Work instructions:
Start at the first line of the material below and retype each line through the one containing "Context: For $x,y\in", exactly.

Source data below:

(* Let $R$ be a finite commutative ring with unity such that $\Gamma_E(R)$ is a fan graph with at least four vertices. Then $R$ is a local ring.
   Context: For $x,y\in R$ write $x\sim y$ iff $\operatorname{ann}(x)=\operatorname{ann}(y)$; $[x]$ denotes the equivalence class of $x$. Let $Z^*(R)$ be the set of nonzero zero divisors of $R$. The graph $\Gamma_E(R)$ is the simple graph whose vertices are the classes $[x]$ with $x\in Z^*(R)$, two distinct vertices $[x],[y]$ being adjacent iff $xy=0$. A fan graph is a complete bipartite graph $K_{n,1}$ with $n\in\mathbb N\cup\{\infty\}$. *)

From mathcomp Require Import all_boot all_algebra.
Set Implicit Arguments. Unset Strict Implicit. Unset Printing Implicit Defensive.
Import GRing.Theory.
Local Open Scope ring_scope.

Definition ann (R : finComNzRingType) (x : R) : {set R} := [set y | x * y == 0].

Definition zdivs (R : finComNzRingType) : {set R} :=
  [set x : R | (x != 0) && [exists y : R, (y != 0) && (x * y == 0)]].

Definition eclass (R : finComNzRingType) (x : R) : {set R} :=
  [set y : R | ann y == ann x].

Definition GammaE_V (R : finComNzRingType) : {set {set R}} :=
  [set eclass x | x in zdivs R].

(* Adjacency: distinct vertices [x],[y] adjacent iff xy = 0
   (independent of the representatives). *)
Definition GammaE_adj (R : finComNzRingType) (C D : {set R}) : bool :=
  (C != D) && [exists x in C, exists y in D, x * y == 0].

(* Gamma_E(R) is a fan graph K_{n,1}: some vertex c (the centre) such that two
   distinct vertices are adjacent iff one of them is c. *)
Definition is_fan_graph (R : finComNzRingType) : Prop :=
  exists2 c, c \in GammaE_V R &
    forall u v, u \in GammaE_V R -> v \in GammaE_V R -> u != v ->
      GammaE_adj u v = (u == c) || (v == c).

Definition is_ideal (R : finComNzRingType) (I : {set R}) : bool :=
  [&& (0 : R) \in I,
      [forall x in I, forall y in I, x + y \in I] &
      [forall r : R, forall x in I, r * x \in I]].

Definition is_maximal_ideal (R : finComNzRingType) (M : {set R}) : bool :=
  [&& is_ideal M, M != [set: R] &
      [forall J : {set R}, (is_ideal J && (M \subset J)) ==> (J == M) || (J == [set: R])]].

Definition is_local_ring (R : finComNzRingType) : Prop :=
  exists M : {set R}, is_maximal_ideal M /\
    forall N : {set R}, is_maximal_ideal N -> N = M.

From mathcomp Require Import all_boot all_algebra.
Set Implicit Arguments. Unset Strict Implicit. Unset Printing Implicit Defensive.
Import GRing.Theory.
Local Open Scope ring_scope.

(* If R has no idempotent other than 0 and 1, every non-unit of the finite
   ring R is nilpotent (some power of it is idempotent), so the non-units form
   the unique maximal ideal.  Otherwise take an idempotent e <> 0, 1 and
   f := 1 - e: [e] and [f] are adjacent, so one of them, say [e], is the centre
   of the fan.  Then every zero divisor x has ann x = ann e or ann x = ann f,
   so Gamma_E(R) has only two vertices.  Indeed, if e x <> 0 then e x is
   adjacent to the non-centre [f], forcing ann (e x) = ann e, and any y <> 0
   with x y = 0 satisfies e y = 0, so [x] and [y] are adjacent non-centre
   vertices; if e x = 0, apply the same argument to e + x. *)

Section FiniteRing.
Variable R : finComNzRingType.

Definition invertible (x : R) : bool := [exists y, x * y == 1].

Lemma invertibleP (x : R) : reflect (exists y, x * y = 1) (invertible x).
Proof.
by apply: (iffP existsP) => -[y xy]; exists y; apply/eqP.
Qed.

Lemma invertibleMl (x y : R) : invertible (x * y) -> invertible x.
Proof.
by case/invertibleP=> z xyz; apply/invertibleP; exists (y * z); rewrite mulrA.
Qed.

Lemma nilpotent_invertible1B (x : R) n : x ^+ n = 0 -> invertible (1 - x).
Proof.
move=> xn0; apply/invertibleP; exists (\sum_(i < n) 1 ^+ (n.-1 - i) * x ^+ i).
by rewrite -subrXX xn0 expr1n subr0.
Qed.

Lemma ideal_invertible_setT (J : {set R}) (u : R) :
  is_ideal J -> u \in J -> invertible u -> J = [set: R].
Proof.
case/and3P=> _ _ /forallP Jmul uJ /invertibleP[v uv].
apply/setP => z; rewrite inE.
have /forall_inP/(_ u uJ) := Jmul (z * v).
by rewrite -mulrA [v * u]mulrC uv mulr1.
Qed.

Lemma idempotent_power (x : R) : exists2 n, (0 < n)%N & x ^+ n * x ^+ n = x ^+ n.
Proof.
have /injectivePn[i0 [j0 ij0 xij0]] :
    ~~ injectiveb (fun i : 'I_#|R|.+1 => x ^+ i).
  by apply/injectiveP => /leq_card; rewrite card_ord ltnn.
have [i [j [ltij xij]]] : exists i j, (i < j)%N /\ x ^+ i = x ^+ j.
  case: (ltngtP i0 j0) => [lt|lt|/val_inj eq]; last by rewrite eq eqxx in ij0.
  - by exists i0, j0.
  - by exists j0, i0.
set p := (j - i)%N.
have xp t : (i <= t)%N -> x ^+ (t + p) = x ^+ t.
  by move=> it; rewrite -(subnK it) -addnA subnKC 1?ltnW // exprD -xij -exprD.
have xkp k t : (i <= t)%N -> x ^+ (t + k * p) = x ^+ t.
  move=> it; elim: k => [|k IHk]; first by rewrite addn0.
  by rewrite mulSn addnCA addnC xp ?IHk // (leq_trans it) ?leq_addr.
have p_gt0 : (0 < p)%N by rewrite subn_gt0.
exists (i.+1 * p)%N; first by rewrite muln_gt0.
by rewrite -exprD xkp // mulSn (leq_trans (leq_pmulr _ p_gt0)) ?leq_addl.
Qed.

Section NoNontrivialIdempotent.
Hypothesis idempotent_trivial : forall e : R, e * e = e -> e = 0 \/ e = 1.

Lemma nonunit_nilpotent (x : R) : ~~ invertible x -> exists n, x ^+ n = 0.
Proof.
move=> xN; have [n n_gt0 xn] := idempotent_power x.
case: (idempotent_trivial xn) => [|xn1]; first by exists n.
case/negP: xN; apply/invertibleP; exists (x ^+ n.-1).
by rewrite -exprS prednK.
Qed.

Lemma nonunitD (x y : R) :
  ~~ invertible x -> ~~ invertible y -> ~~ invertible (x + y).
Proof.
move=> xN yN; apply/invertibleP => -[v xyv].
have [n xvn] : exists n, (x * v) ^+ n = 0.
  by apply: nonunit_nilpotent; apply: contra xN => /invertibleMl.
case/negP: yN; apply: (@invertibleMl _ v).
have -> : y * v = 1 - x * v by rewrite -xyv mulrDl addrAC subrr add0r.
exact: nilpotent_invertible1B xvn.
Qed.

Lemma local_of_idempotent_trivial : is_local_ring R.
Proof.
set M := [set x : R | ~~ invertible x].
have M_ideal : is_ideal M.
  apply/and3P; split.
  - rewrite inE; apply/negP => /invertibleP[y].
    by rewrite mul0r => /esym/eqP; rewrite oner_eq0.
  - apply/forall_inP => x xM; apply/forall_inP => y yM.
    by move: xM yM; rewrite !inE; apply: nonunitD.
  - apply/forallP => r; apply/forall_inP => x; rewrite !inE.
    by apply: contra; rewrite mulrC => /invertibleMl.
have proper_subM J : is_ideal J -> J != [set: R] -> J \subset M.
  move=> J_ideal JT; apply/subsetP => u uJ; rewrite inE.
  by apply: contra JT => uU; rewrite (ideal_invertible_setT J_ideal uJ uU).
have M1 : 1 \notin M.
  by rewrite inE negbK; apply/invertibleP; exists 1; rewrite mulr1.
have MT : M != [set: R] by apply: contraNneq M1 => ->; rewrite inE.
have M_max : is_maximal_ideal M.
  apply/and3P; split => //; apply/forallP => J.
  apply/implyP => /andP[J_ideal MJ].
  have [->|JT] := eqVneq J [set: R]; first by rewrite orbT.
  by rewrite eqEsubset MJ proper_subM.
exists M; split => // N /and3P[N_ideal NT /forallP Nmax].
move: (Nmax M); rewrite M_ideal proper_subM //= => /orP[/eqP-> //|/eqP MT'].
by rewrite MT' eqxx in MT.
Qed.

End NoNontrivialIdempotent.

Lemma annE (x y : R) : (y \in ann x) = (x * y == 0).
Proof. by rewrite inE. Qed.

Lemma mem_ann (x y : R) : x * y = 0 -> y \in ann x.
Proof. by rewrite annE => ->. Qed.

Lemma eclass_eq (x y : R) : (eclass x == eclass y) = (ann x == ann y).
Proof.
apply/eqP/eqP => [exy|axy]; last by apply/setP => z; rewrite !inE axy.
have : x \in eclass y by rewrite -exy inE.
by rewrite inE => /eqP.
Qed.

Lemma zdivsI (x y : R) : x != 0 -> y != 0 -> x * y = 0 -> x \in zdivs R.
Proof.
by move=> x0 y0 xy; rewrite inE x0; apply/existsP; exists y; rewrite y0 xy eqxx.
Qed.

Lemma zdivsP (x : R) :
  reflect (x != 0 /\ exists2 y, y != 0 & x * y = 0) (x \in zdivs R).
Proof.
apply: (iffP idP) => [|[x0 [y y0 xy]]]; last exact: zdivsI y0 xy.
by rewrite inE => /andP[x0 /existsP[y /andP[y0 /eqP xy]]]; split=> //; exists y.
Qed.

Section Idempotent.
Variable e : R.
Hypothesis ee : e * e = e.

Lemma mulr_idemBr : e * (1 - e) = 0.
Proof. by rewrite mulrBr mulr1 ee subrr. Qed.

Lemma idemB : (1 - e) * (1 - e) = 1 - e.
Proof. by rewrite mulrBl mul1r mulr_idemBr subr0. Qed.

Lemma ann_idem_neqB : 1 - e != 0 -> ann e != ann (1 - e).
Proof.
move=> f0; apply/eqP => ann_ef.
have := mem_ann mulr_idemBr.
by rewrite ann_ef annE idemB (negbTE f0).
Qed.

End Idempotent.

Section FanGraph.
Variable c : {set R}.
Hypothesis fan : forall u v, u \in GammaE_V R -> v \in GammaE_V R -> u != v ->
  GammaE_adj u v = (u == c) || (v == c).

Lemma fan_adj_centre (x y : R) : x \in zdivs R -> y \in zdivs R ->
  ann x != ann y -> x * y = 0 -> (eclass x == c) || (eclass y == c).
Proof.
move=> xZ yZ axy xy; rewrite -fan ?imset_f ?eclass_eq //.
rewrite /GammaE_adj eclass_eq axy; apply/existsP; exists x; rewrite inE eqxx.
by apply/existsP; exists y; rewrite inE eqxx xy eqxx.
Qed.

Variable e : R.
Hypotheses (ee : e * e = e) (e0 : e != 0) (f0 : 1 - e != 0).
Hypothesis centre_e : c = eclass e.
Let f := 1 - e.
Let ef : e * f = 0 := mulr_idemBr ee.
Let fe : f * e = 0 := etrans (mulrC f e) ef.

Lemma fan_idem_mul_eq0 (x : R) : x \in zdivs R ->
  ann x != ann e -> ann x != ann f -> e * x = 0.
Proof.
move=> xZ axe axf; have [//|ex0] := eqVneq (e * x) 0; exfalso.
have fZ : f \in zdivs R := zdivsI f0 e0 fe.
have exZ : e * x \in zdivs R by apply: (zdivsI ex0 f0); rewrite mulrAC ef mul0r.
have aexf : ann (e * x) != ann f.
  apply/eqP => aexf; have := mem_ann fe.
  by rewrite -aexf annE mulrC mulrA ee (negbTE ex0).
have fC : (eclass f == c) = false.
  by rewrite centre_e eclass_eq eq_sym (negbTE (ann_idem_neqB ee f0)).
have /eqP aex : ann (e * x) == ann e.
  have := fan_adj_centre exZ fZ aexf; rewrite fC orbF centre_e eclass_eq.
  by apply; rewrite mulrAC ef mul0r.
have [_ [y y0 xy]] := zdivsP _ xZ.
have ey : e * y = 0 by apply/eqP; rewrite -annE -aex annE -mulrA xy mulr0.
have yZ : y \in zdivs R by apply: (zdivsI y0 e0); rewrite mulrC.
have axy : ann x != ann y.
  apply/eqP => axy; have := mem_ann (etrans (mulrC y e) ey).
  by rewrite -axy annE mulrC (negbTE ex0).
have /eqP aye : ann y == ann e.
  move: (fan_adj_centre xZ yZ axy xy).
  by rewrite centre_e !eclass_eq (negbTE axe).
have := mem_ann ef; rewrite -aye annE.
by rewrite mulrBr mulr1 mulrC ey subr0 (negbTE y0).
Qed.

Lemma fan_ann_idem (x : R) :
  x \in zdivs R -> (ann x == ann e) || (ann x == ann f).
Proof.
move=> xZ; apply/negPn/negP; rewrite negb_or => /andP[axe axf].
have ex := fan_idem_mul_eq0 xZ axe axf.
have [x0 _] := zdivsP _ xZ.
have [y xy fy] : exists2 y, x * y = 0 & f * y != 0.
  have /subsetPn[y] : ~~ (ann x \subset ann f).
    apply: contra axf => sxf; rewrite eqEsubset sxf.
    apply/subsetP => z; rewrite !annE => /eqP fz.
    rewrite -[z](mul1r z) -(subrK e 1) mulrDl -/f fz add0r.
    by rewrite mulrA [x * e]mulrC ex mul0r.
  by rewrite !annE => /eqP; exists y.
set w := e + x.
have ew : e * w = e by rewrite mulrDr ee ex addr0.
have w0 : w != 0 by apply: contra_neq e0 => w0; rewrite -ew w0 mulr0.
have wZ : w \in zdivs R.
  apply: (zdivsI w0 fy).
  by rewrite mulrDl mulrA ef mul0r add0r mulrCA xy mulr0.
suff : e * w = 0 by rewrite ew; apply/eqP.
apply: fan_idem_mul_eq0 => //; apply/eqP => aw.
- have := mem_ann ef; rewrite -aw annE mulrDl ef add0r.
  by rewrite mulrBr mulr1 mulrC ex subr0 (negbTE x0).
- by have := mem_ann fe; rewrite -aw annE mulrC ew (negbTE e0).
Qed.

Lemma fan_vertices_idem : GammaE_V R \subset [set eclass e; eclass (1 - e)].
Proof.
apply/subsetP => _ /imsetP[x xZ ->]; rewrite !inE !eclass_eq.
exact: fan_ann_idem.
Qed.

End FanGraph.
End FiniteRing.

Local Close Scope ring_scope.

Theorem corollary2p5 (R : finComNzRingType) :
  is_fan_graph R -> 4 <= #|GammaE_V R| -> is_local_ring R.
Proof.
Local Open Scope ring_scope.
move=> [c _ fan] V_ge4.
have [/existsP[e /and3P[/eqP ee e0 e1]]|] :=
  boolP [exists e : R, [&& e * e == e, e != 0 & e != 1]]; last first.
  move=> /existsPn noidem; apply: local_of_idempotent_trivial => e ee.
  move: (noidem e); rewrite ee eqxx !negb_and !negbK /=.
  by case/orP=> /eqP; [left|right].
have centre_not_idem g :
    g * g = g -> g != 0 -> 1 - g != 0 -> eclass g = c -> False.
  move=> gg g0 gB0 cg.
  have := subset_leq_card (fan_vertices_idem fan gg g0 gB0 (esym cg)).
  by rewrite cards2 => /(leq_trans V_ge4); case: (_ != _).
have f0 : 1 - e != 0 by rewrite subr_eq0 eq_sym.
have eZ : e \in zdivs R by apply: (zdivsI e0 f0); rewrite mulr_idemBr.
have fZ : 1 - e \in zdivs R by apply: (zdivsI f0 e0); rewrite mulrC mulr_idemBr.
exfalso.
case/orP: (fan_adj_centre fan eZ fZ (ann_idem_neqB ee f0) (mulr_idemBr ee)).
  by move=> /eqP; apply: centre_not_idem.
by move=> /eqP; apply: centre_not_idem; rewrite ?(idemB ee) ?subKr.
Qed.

End of Source data.

Completed exercise:
(* Let $R$ be a finite commutative ring with unity such that $\Gamma_E(R)$ is a fan graph with at least four vertices. Then $R$ is a local ring.
   Context: For $x,y\in R$ write $x\sim y$ iff $\operatorname{ann}(x)=\operatorname{ann}(y)$; $[x]$ denotes the equivalence class of $x$. Let $Z^*(R)$ be the set of nonzero zero divisors of $R$. The graph $\Gamma_E(R)$ is the simple graph whose vertices are the classes $[x]$ with $x\in Z^*(R)$, two distinct vertices $[x],[y]$ being adjacent iff $xy=0$. A fan graph is a complete bipartite graph $K_{n,1}$ with $n\in\mathbb N\cup\{\infty\}$. *)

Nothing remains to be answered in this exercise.